* [YOUR ASSIGNMENT]
Search the entries for the word "leDr" and pull out each line that has it.
※
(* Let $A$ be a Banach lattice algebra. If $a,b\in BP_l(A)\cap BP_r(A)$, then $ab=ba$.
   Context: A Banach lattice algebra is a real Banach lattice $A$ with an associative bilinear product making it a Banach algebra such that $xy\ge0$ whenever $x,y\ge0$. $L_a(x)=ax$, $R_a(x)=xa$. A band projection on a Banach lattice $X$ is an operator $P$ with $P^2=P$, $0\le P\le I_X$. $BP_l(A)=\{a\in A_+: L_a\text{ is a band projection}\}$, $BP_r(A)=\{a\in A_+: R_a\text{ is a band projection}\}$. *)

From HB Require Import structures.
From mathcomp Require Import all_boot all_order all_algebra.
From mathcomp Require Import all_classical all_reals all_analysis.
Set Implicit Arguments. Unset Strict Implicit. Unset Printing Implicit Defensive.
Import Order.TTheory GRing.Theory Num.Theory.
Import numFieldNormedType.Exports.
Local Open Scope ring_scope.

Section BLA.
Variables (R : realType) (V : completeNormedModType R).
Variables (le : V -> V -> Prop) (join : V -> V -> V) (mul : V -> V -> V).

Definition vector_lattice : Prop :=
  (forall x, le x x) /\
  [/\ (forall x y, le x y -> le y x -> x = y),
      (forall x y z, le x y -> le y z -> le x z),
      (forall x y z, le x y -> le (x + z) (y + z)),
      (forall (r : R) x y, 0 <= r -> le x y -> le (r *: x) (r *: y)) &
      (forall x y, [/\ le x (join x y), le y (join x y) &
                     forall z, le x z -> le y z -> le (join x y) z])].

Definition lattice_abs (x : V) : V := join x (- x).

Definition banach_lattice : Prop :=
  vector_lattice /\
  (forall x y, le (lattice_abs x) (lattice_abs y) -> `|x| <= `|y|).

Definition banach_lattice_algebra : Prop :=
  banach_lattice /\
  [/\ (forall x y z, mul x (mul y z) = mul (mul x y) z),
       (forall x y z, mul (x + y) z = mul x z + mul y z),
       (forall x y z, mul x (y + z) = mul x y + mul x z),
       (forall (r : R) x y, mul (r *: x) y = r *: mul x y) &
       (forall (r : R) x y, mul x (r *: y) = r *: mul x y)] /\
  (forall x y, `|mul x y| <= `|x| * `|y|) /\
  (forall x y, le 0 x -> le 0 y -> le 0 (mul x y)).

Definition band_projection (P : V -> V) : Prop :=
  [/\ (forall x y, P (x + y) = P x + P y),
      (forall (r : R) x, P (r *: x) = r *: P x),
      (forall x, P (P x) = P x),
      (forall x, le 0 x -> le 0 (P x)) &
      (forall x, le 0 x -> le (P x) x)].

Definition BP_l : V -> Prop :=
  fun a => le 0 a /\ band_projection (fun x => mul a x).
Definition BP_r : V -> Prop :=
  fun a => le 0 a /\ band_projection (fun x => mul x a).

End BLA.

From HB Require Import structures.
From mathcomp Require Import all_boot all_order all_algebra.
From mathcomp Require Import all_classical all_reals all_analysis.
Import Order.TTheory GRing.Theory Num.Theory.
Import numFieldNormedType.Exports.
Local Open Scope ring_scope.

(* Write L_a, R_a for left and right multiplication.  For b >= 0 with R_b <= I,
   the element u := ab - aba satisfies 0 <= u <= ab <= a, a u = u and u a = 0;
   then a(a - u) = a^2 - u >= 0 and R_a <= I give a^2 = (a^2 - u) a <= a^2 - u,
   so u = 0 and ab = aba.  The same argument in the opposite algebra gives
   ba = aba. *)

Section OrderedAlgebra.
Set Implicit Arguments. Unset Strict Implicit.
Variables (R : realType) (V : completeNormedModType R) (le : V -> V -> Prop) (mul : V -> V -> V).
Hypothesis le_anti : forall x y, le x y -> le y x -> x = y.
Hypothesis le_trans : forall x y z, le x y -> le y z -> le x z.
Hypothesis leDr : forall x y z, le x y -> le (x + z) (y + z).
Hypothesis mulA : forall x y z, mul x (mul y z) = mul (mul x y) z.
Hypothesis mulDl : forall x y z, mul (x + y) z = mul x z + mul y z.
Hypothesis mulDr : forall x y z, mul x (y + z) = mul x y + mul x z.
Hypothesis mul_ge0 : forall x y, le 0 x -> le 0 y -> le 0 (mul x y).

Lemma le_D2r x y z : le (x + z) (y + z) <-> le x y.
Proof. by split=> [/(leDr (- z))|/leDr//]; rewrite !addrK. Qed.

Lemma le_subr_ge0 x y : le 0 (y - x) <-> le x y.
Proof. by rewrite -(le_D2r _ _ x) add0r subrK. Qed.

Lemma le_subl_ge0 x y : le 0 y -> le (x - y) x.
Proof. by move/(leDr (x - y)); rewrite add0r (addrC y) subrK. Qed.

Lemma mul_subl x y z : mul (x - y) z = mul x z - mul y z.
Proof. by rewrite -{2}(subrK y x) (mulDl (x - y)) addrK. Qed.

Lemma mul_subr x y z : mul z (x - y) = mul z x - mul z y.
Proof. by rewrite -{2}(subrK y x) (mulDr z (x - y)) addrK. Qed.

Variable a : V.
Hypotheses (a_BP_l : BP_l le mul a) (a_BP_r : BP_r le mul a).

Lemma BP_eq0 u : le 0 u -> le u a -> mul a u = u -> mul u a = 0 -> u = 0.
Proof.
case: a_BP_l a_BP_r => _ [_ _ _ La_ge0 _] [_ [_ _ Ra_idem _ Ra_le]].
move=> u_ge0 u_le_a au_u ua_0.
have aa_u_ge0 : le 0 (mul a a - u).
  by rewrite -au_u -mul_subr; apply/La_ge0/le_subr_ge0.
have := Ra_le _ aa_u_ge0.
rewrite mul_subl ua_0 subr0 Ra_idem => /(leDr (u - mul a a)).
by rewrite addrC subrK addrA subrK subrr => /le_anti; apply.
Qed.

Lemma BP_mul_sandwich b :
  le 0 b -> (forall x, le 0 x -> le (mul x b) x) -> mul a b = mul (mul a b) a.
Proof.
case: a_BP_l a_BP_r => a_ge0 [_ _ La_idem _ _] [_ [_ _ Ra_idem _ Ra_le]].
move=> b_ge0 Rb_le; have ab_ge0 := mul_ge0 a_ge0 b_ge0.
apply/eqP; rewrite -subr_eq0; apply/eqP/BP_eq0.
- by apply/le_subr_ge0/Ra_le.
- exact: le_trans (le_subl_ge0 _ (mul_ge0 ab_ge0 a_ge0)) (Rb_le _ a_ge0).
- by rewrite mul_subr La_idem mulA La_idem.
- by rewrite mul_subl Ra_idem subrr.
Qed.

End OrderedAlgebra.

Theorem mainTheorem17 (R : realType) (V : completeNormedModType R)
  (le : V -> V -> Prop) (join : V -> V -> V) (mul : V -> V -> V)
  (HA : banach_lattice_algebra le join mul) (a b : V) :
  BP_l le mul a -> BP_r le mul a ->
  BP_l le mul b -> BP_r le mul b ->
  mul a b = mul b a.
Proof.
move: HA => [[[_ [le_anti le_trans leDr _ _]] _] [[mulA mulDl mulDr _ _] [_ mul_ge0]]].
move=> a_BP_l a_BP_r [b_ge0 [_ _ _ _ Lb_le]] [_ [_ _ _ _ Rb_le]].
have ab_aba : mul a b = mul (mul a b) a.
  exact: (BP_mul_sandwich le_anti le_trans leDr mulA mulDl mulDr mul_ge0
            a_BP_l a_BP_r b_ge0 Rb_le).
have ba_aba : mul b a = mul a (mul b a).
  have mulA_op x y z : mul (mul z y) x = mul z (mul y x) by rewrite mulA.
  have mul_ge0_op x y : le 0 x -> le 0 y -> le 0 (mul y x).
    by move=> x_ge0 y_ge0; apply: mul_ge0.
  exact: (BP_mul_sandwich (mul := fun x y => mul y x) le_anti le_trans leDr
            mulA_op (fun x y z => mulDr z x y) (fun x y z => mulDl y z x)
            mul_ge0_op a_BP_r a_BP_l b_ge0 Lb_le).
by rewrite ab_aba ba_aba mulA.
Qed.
※
* [SOLUTION TO THE EXERCISE]
Hypothesis leDr : forall x y z, le x y -> le (x + z) (y + z).
Proof. by split=> [/(leDr (- z))|/leDr//]; rewrite !addrK. Qed.
Proof. by move/(leDr (x - y)); rewrite add0r (addrC y) subrK. Qed.
rewrite mul_subl ua_0 subr0 Ra_idem => /(leDr (u - mul a a)).
move: HA => [[[_ [le_anti le_trans leDr _ _]] _] [[mulA mulDl mulDr _ _] [_ mul_ge0]]].
  exact: (BP_mul_sandwich le_anti le_trans leDr mulA mulDl mulDr mul_ge0
  exact: (BP_mul_sandwich (mul := fun x y => mul y x) le_anti le_trans leDr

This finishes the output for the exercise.